Lemma big_ord3 (R : zmodType) (F : 'I_3 -> R) : \sum_i F i = F k0 + F k1 + F k2.
Proof. by rewrite !big_ord_recr big_ord0 /= add0r; congr (F _ + F _ + F _); exact: val_inj. Qed.

Lemma det_mx22 (R : comNzRingType) (A : 'M[R]_2) : \det A = A 0 0 * A 1 1 - A 0 1 * A 1 0.
Proof.
rewrite (expand_det_row _ 0) !big_ord_recr big_ord0 /= add0r /cofactor !det_mx11 !mxE.
have -> : widen_ord (leqnSn 1) ord_max = 0 :> 'I_2 by apply: val_inj.
have -> : lift 0 (0 : 'I_1) = 1 :> 'I_2 by apply: val_inj.
have -> : lift ord_max (0 : 'I_1) = 0 :> 'I_2 by apply: val_inj.
have -> : ord_max = 1 :> 'I_2 by apply: val_inj.
by rewrite expr0 expr1; ring.
Qed.

Lemma det_mx33 (R : comNzRingType) (A : 'M[R]_3) : \det A =
  A k0 k0 * (A k1 k1 * A k2 k2 - A k1 k2 * A k2 k1)
  - A k0 k1 * (A k1 k0 * A k2 k2 - A k1 k2 * A k2 k0)
  + A k0 k2 * (A k1 k0 * A k2 k1 - A k1 k1 * A k2 k0).
Proof.
rewrite (expand_det_row _ 0) !big_ord_recr big_ord0 /= add0r /cofactor !det_mx22 !mxE.
(* Normalise the lifted cofactor indices so that [ring] identifies equal entries. *)
set B := fun a b : nat => A (inord a) (inord b).
have AB i j : A i j = B i j by rewrite /B !inord_val.
by rewrite !AB /= /bump /=; ring.
Qed.

Section Flags.
Variable K : fieldType.
Implicit Types (x : 'I_4 -> 'cV[K]_3) (f : 'I_4 -> 'rV[K]_3).

Definition cols3 (x y z : 'cV[K]_3) : 'M[K]_3 :=
  \matrix_(a < 3, b < 3) (nth 0 [:: x; y; z] b) a 0.

Lemma det3E (x y z : 'cV[K]_3) : det3 x y z =
  x k0 0 * (y k1 0 * z k2 0 - z k1 0 * y k2 0)
  - y k0 0 * (x k1 0 * z k2 0 - z k1 0 * x k2 0)
  + z k0 0 * (x k1 0 * y k2 0 - y k1 0 * x k2 0).
Proof. by rewrite /det3 det_mx33 !mxE /=; ring. Qed.

Lemma det3Z (a b c : K) (x y z : 'cV[K]_3) :
  det3 (a *: x) (b *: y) (c *: z) = a * b * c * det3 x y z.
Proof. by rewrite !det3E !mxE; ring. Qed.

### [WORK TO BE COMPLETED]
Nothing but the lines from the one containing "Variable K : fieldType." through the last line of the material should be returned, each exactly as written, both ends included.

### [WORKED SOLUTION]
Variable K : fieldType.
Implicit Types (x : 'I_4 -> 'cV[K]_3) (f : 'I_4 -> 'rV[K]_3).

Definition cols3 (x y z : 'cV[K]_3) : 'M[K]_3 :=
  \matrix_(a < 3, b < 3) (nth 0 [:: x; y; z] b) a 0.

Lemma det3E (x y z : 'cV[K]_3) : det3 x y z =
  x k0 0 * (y k1 0 * z k2 0 - z k1 0 * y k2 0)
  - y k0 0 * (x k1 0 * z k2 0 - z k1 0 * x k2 0)
  + z k0 0 * (x k1 0 * y k2 0 - y k1 0 * x k2 0).
Proof. by rewrite /det3 det_mx33 !mxE /=; ring. Qed.

Lemma det3Z (a b c : K) (x y z : 'cV[K]_3) :
  det3 (a *: x) (b *: y) (c *: z) = a * b * c * det3 x y z.
Proof. by rewrite !det3E !mxE; ring. Qed.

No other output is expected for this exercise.